Work order: Pull every line that includes the word "Implicit" out of the data below and copy it.

....................

(* Let $q$ be a prime power, $M\geq2$ an integer with $(M,q)=1$, and $m\geq1$. Let $X\in\mathrm{Sp}(2m,q)$ be conjugate in $\mathrm{GL}(2m,q)$ to the $2m\times 2m$ matrix with $-1$ on the diagonal, $1$ on the superdiagonal and $0$ elsewhere (a single Jordan block with eigenvalue $-1$). Then $X$ is an $M$-th power in $\mathrm{Sp}(2m,q)$ if and only if $M$ is odd.
   Context: $\mathrm{Sp}(2m,q)$ is the symplectic group of a non-degenerate alternating form on $\mathbb{F}_q^{2m}$. An element $X$ of a group $G$ is an $M$-th power in $G$ if $Y^M=X$ for some $Y\in G$. *)

From HB Require Import structures.
From mathcomp Require Import all_boot all_order all_algebra all_fingroup all_field.
Set Implicit Arguments. Unset Strict Implicit. Unset Printing Implicit Defensive.
Import GRing.Theory.
Local Open Scope ring_scope.

(* Matrix powers for square matrices of arbitrary size n (no ring structure needed). *)
Fixpoint mxpow (F : fieldType) (n : nat) (A : 'M[F]_n) (k : nat) : 'M[F]_n :=
  match k with
  | 0 => 1%:M
  | k'.+1 => A *m mxpow A k'
  end.

Definition nondeg_alternating (F : fieldType) (n : nat) (J : 'M[F]_n) : Prop :=
  J^T = - J /\ (forall i, J i i = 0) /\ J \in unitmx.

Definition symplectic (F : fieldType) (n : nat) (J : 'M[F]_n) (A : 'M[F]_n) : Prop :=
  A *m J *m A^T = J.

Definition jordan_neg1 (F : fieldType) (n : nat) : 'M[F]_n :=
  \matrix_(i < n, j < n)
    (if i == j then -1 else if (j : nat) == (i : nat).+1 then 1 else 0).

Definition is_Mth_power_Sp (F : fieldType) (n : nat) (J : 'M[F]_n) (M : nat)
  (X : 'M[F]_n) : Prop :=
  exists Y : 'M[F]_n, symplectic J Y /\ mxpow Y M = X.

(* For M odd: X = -U with U unipotent, so X^(2 p^(2m)) = 1 in characteristic p,
   and since M is prime to 2 p^(2m), X = (X^a)^M for a M = 1 modulo that order.
   For M even, q is odd and it suffices to show that X has no symplectic square
   root Z. In a basis where X = S - 1 with S the nilpotent shift, E = S^(2m-1)
   is the matrix unit killed by S on both sides, so every Z commuting with X
   satisfies Z E = E Z = l E, and Z^2 = X gives l^2 = -1. Symplecticity of X
   gives J E^T = -(E J) (because 2m - 1 is odd), and then Z J Z^T = J gives
   E J = l^2 (E J) with E J <> 0, i.e. l^2 = 1: a contradiction since 2 <> 0. *)

From HB Require Import structures.
From mathcomp Require Import all_boot all_order all_algebra all_fingroup all_field.
From mathcomp Require Import cyclic zify.
Local Open Scope ring_scope.
Import GRing.Theory.
Set Implicit Arguments. Unset Strict Implicit.

Section MxPow.
Variables (F : fieldType) (n : nat).
Implicit Types A B P : 'M[F]_n.

Lemma mxpowSr A k : mxpow A k.+1 = mxpow A k *m A.
Proof.
elim: k => [|k IHk]; first by rewrite /= mulmx1 mul1mx.
change (A *m mxpow A k.+1 = (A *m mxpow A k) *m A).
by rewrite IHk mulmxA.
Qed.

Lemma mxpowD A a b : mxpow A (a + b) = mxpow A a *m mxpow A b.
Proof. by elim: a => [|a IHa] /=; rewrite ?mul1mx // IHa mulmxA. Qed.

Lemma mxpowM A a b : mxpow A (a * b) = mxpow (mxpow A a) b.
Proof. by elim: b => [|b IHb]; rewrite ?muln0 // mulnS mxpowD IHb. Qed.

Lemma mxpow1n k : mxpow (1%:M : 'M[F]_n) k = 1%:M.
Proof. by elim: k => [|k IHk] //=; rewrite IHk mulmx1. Qed.

Lemma mxpow_comm A B k : A *m B = B *m A -> mxpow A k *m B = B *m mxpow A k.
Proof.
move=> cAB; elim: k => [|k IHk] /=; first by rewrite mul1mx mulmx1.
by rewrite -mulmxA IHk !mulmxA cAB.
Qed.

Lemma mxpow_conj P A k : P \in unitmx ->
  mxpow (P *m A *m invmx P) k = P *m mxpow A k *m invmx P.
Proof.
move=> Pu; elim: k => [|k IHk] /=; first by rewrite mulmx1 mulmxV.
by rewrite IHk !mulmxA mulmxKV.
Qed.

Lemma mxpow_coprime_root A k M : (0 < M)%N -> coprime M k ->
  mxpow A k = 1%:M -> exists a, mxpow (mxpow A a) M = A.
Proof.
move=> M_gt0 /(coprimeP _ M_gt0)[[a b] /= abMk] Ak1; exists a.
rewrite -mxpowM (_ : (a * M = 1 + b * k)%N); last by lia.
by rewrite mxpowD mulnC mxpowM Ak1 mxpow1n /= !mulmx1.
Qed.

End MxPow.

Lemma mxpowE (F : fieldType) n (A : 'M[F]_n.+1) k : mxpow A k = A ^+ k.
Proof. by elim: k => [|k IHk] //=; rewrite IHk exprS mulmxE. Qed.

Lemma exprB1_pchar (R : nzRingType) p (x : R) e :
  p \in [pchar R] -> (x - 1) ^+ (p ^ e) = x ^+ (p ^ e) - 1.
Proof.
move=> pR; elim: e => [|e IHe]; first by rewrite !expr1.
rewrite expnSr !exprM IHe -!(pFrobenius_autE pR) pFrobenius_autB_comm.
  by rewrite pFrobenius_aut1.
exact: commr1.
Qed.

Lemma dvdn_pchar_card (R : finNzRingType) p : p \in [pchar R] -> (p %| #|R|)%N.
Proof.
move=> pR; rewrite (dvdn_pcharf pR).
have := @expg_cardG _ [set: R] (1%R : R) (in_setT _).
by rewrite FinRing.zmodXgE cardsT => ->.
Qed.

Lemma natf_neq0_coprime_card (F : finFieldType) k :
  coprime k #|F| -> k%:R != 0 :> F.
Proof.
have [p p_pr pF] := finPcharP F.
move=> co_k; apply/negP => /eqP k0.
have p_dvd_k : (p %| k)%N by rewrite (dvdn_pcharf pF) k0.
by have := coprime_dvdl p_dvd_k co_k; rewrite prime_coprime // dvdn_pchar_card.
Qed.

Section Symplectic.
Variables (F : fieldType) (n : nat).
Implicit Types J A B P : 'M[F]_n.

Lemma symplectic1 J : symplectic J 1%:M.
Proof. by rewrite /symplectic trmx1 mulmx1 mul1mx. Qed.

Lemma symplectic_mul J A B :
  symplectic J A -> symplectic J B -> symplectic J (A *m B).
Proof.
rewrite /symplectic => sA sB.
by rewrite trmx_mul !mulmxA -[A *m B *m J]mulmxA -[A *m _ *m B^T]mulmxA sB.
Qed.

Lemma symplectic_mxpow J A k : symplectic J A -> symplectic J (mxpow A k).
Proof.
move=> sA; elim: k => [|k IHk] /=; [exact: symplectic1 | exact: symplectic_mul].
Qed.

Lemma symplectic_conjmx J A P : P \in unitmx -> symplectic J A ->
  symplectic (invmx P *m J *m (invmx P)^T) (invmx P *m A *m P).
Proof.
rewrite /symplectic => Pu sA.
rewrite !trmx_mul !mulmxA mulmxK // -[_ *m (invmx P)^T *m P^T]mulmxA.
rewrite -trmx_mul mulmxV // trmx1 mulmx1.
by rewrite -[in RHS]sA !mulmxA.
Qed.

End Symplectic.

Section ShiftMatrix.
Variables (F : fieldType) (n : nat).

Definition shiftmx : 'M[F]_n := \matrix_(i, j) ((j == i.+1 :> nat)%:R).

Lemma jordan_neg1E : jordan_neg1 F n = shiftmx - 1%:M.
Proof.
apply/matrixP => i j; rewrite !mxE eq_sym.
have [->|ne_ij] := eqVneq j i; last by rewrite subr0; case: ifP.
by rewrite (_ : (i == i.+1 :> nat) = false) ?sub0r // ltn_eqF.
Qed.

Lemma mxpow_shiftmx k :
  mxpow shiftmx k = \matrix_(i, j) ((j == (i + k)%N :> nat)%:R).
Proof.
elim: k => [|k IHk] /=.
  by apply/matrixP => i j; rewrite !mxE addn0 eq_sym.
apply/matrixP => i j; rewrite IHk !mxE.
under eq_bigr do rewrite !mxE.
have [lt_i1_n|le_n_i1] := ltnP i.+1 n.
  rewrite (bigD1 (Ordinal lt_i1_n)) //= eqxx mul1r big1 ?addr0.
    by rewrite addSnnS.
  move=> l ne_l; case: eqP => [eq_l|]; last by rewrite mul0r.
  by case/eqP: ne_l; apply: val_inj.
rewrite big1; first by case: eqP => // e; have := ltn_ord j; lia.
by move=> l _; case: eqP => [e|]; [have := ltn_ord l; lia | rewrite mul0r].
Qed.

Lemma mxpow_shiftmx_size : mxpow shiftmx n = 0.
Proof.
apply/matrixP => i j; rewrite mxpow_shiftmx !mxE.
by case: eqP => // e; have := ltn_ord j; lia.
Qed.

Lemma mxpow_shiftmx_pred (n_gt0 : (0 < n)%N) (lt_pred_n : (n.-1 < n)%N) :
  mxpow shiftmx n.-1 = delta_mx (Ordinal n_gt0) (Ordinal lt_pred_n).
Proof.
apply/matrixP => i j; rewrite mxpow_shiftmx !mxE -!val_eqE /=.
have := ltn_ord i; have := ltn_ord j; move: (val i) (val j) => a b lt_a lt_b.
congr (_%:R).
by case: (b =P (a + n.-1)%N); case: (a =P 0%N); case: (b =P n.-1) => /=; lia.
Qed.

End ShiftMatrix.

Lemma jordan_neg1_mxpow_pchar (F : fieldType) n p :
  p \in [pchar F] -> mxpow (jordan_neg1 F n) (p ^ n) = - 1%:M.
Proof.
case: n => [|n] pF; first by apply/matrixP => [[]].
have pM : p \in [pchar 'M[F]_n.+1] by rewrite pchar_lalg.
have n_lt_pn : (n.+1 < p ^ n.+1)%N by rewrite ltn_expl // prime_gt1 // (pcharf_prime pF).
rewrite mxpowE jordan_neg1E exprB1_pchar // -mxpowE -(subnKC (ltnW n_lt_pn)).
by rewrite mxpowD mxpow_shiftmx_size mul0mx sub0r.
Qed.

Lemma commmx_delta (F : fieldType) n (A : 'M[F]_n) (a b : 'I_n) :
  A *m delta_mx a b = delta_mx a b *m A -> A *m delta_mx a b = A a a *: delta_mx a b.
Proof.
have mulA_deltaE i j : (A *m delta_mx a b) i j = A i a * (j == b)%:R.
  rewrite mxE (bigD1 a) //= mxE eqxx /= big1 ?addr0 // => l ne_la.
  by rewrite mxE (negbTE ne_la) mulr0.
have mul_deltaAE i j : (delta_mx a b *m A) i j = (i == a)%:R * A b j.
  rewrite mxE (bigD1 b) //= mxE eqxx andbT big1 ?addr0 // => l ne_lb.
  by rewrite mxE (negbTE ne_lb) andbF mul0r.
move=> cA; have Aia i : A i a = (i == a)%:R * A b b.
  have := congr1 (fun C : 'M[F]_n => C i b) cA.
  by rewrite mulA_deltaE mul_deltaAE eqxx mulr1.
apply/matrixP => i j; rewrite mulA_deltaE !mxE !Aia eqxx mul1r.
by case: (i == a); rewrite /= ?mul1r ?mul0r ?mulr0.
Qed.

Section SymplecticTop.
Variables (F : fieldType) (n : nat) (J X : 'M[F]_n).
Hypothesis sX : symplectic J X.

Lemma symplectic_trmx_mxpow_add1 k :
  J *m (mxpow (X + 1%:M) k)^T = mxpow (X + 1%:M) k *m J *m (mxpow X k)^T.
Proof.
have JN : J *m (X + 1%:M)^T = (X + 1%:M) *m J *m X^T.
  by rewrite linearD /= trmx1 mulmxDr mulmxDl !mulmxDl mulmx1 mul1mx sX addrC.
elim: k => [|k IHk]; first by rewrite /= trmx1 mulmx1 mul1mx mulmx1.
have NX : (X + 1%:M) *m X = X *m (X + 1%:M) by rewrite mulmxDr mulmxDl mulmx1 mul1mx.
rewrite mxpowSr trmx_mul mulmxA JN -mulmxA -trmx_mul (mxpow_comm k NX) trmx_mul.
by rewrite mulmxA -(mulmxA _ J) IHk -mxpowSr /= trmx_mul !mulmxA.
Qed.

Lemma symplectic_left_eigen_neg1 (K : 'M[F]_n) k : K *m X = - K ->
  K *m J *m (mxpow X k)^T = (-1) ^+ k *: (K *m J).
Proof.
move=> KX; have KJX : K *m J *m X^T = - (K *m J).
  by rewrite -{1}[K]opprK -KX !mulNmx -!mulmxA (mulmxA X J) sX.
elim: k => [|k IHk]; first by rewrite /= trmx1 mulmx1 scale1r.
by rewrite mxpowSr trmx_mul mulmxA KJX mulNmx IHk exprS mulN1r scaleNr.
Qed.

End SymplecticTop.

Lemma symplectic_scalar_action_sqr (F : fieldType) n (J Z K : 'M[F]_n) l :
  J \in unitmx -> K != 0 -> symplectic J Z ->
  Z *m K = l *: K -> K *m Z = l *: K -> J *m K^T = - (K *m J) -> l ^+ 2 = 1.
Proof.
move=> Ju K_neq0 sZ ZK KZ JKT.
have KJ_neq0 : K *m J != 0.
  by apply: contra K_neq0 => /eqP KJ0; rewrite -(mulmxK Ju K) KJ0 mul0mx.
have KJZ : K *m J *m Z^T = l *: (K *m J).
  rewrite -{1}[K *m J]opprK -JKT mulNmx -mulmxA -trmx_mul ZK linearZ /=.
  by rewrite -scalemxAr JKT scalerN opprK.
have : K *m J = l ^+ 2 *: (K *m J).
  by rewrite -{1}sZ !mulmxA KZ -!scalemxAl KJZ scalerA expr2.
move/eqP; rewrite -subr_eq0 -{1}[K *m J]scale1r -scalerBl scaler_eq0.
by rewrite (negbTE KJ_neq0) orbF subr_eq0 eq_sym => /eqP.
Qed.

Lemma jordan_neg1_no_symplectic_sqrt (F : fieldType) n (J Z : 'M[F]_n) :
  (2 : F) != 0 -> (0 < n)%N -> ~~ odd n -> J \in unitmx ->
  symplectic J (jordan_neg1 F n) -> symplectic J Z -> Z *m Z != jordan_neg1 F n.
Proof.
move=> two_neq0 n_gt0 n_even Ju sX sZ; apply/eqP => ZZ.
set X := jordan_neg1 F n in sX ZZ; set S := shiftmx F n.
have XS : X = S - 1%:M := jordan_neg1E F n.
have lt_pred_n : (n.-1 < n)%N by rewrite ltn_predL.
set E := mxpow S n.-1.
have E_delta : E = delta_mx (Ordinal n_gt0) (Ordinal lt_pred_n).
  exact: mxpow_shiftmx_pred.
have E_neq0 : E != 0.
  rewrite E_delta; apply/eqP => /matrixP/(_ (Ordinal n_gt0) (Ordinal lt_pred_n)).
  by rewrite !mxE !eqxx; apply/eqP/oner_neq0.
have SE : S *m E = 0.
  by rewrite -[S *m E]/(mxpow S n.-1.+1) prednK // mxpow_shiftmx_size.
have ES : E *m S = 0 by rewrite -mxpowSr prednK // mxpow_shiftmx_size.
have XE : X *m E = - E by rewrite XS mulmxBl SE mul1mx sub0r.
have EX : E *m X = - E by rewrite XS mulmxBr ES mulmx1 sub0r.
have ZS : S *m Z = Z *m S.
  have ZX : Z *m X = X *m Z by rewrite -ZZ mulmxA.
  by rewrite -[S](subrK 1%:M) -XS mulmxDl mulmxDr ZX mulmx1 mul1mx.
pose l := Z (Ordinal n_gt0) (Ordinal n_gt0).
have ZE : Z *m E = l *: E.
  by rewrite E_delta commmx_delta // -E_delta (mxpow_comm _ ZS).
have EZ : E *m Z = l *: E by rewrite (mxpow_comm _ ZS).
have l2_neg1 : l ^+ 2 = -1.
  have : (l ^+ 2 + 1) *: E = 0.
    by rewrite scalerDl scale1r expr2 -scalerA -ZE scalemxAr -ZE mulmxA ZZ XE addNr.
  by move/eqP; rewrite scaler_eq0 (negbTE E_neq0) orbF addr_eq0 => /eqP.
have JET : J *m E^T = - (E *m J).
  have SX : S = X + 1%:M by rewrite XS subrK.
  rewrite /E SX symplectic_trmx_mxpow_add1 // -SX -/E symplectic_left_eigen_neg1 //.
  have odd_pred_n : odd n.-1 by move: n_even; rewrite -{1}(prednK n_gt0) oddS negbK.
  by rewrite -signr_odd odd_pred_n expr1 scaleN1r.
have l2_1 := symplectic_scalar_action_sqr Ju E_neq0 sZ ZE EZ JET.
by move/eqP: two_neq0; apply; rewrite mulr2n -{1}l2_1 l2_neg1 addNr.
Qed.

Lemma conj_jordan_neg1_no_symplectic_sqrt (F : fieldType) n (J P Z : 'M[F]_n) :
  (2 : F) != 0 -> (0 < n)%N -> ~~ odd n -> J \in unitmx -> P \in unitmx ->
  symplectic J (P *m jordan_neg1 F n *m invmx P) -> symplectic J Z ->
  Z *m Z != P *m jordan_neg1 F n *m invmx P.
Proof.
move=> two_neq0 n_gt0 n_even Ju Pu sX sZ; apply/eqP => ZZ.
have Ju' : invmx P *m J *m (invmx P)^T \in unitmx.
  by rewrite !unitmx_mul unitmx_tr !unitmx_inv Pu Ju.
have sJ := symplectic_conjmx Pu sX.
rewrite !mulmxA mulVmx // mul1mx mulmxKV // in sJ.
have sZ' := symplectic_conjmx Pu sZ.
apply: (negP (jordan_neg1_no_symplectic_sqrt two_neq0 n_gt0 n_even Ju' sJ sZ')).
apply/eqP; rewrite !mulmxA mulmxK // -(mulmxA _ Z Z) ZZ !mulmxA mulVmx // mul1mx.
by rewrite mulmxKV.
Qed.

Theorem corollary7p3 (F : finFieldType) (M m : nat) (J : 'M[F]_(2 * m))
  (X : 'M[F]_(2 * m)) :
  (2 <= M)%N -> coprime M #|F| -> (1 <= m)%N ->
  nondeg_alternating J ->
  symplectic J X ->
  (exists P : 'M[F]_(2 * m), P \in unitmx /\ X = P *m jordan_neg1 F (2 * m) *m invmx P) ->
  (is_Mth_power_Sp J M X <-> odd M).
Proof.
move=> M_ge2 coMF m_gt0 [_ [_ Ju]] sX [P [Pu eX]].
have [p _ pF] := finPcharP F.
split => [[Y [sY YM]] | oddM].
  apply/negPn/negP => evenM.
  have two_neq0 : (2 : F) != 0.
    by apply: natf_neq0_coprime_card; apply: coprime_dvdl coMF; rewrite dvdn2.
  have dim_gt0 : (0 < 2 * m)%N by rewrite muln_gt0.
  have dim_even : ~~ odd (2 * m) by rewrite oddM.
  have sqrtX : mxpow Y M./2 *m mxpow Y M./2 = X by rewrite -mxpowD addnn even_halfK.
  rewrite eX in sX sqrtX; move: sqrtX; apply/eqP.
  exact: conj_jordan_neg1_no_symplectic_sqrt (symplectic_mxpow M./2 sY).
have X_order : mxpow X (p ^ (2 * m) * 2) = 1%:M.
  rewrite eX mxpow_conj // mxpowM jordan_neg1_mxpow_pchar //=.
  by rewrite mulmx1 mulNmx mul1mx opprK mulmx1 mulmxV.
have coM : coprime M (p ^ (2 * m) * 2).
  rewrite coprimeMr coprimen2 oddM andbT coprime_pexpr ?muln_gt0 //.
  exact: coprime_dvdr (dvdn_pchar_card pF) coMF.
have [a Xa] := mxpow_coprime_root (ltnW M_ge2) coM X_order.
by exists (mxpow X a); split; [exact: symplectic_mxpow |].
Qed.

....................

Solution to this exercise:
Set Implicit Arguments. Unset Strict Implicit. Unset Printing Implicit Defensive.
Set Implicit Arguments. Unset Strict Implicit.
Implicit Types A B P : 'M[F]_n.
Implicit Types J A B P : 'M[F]_n.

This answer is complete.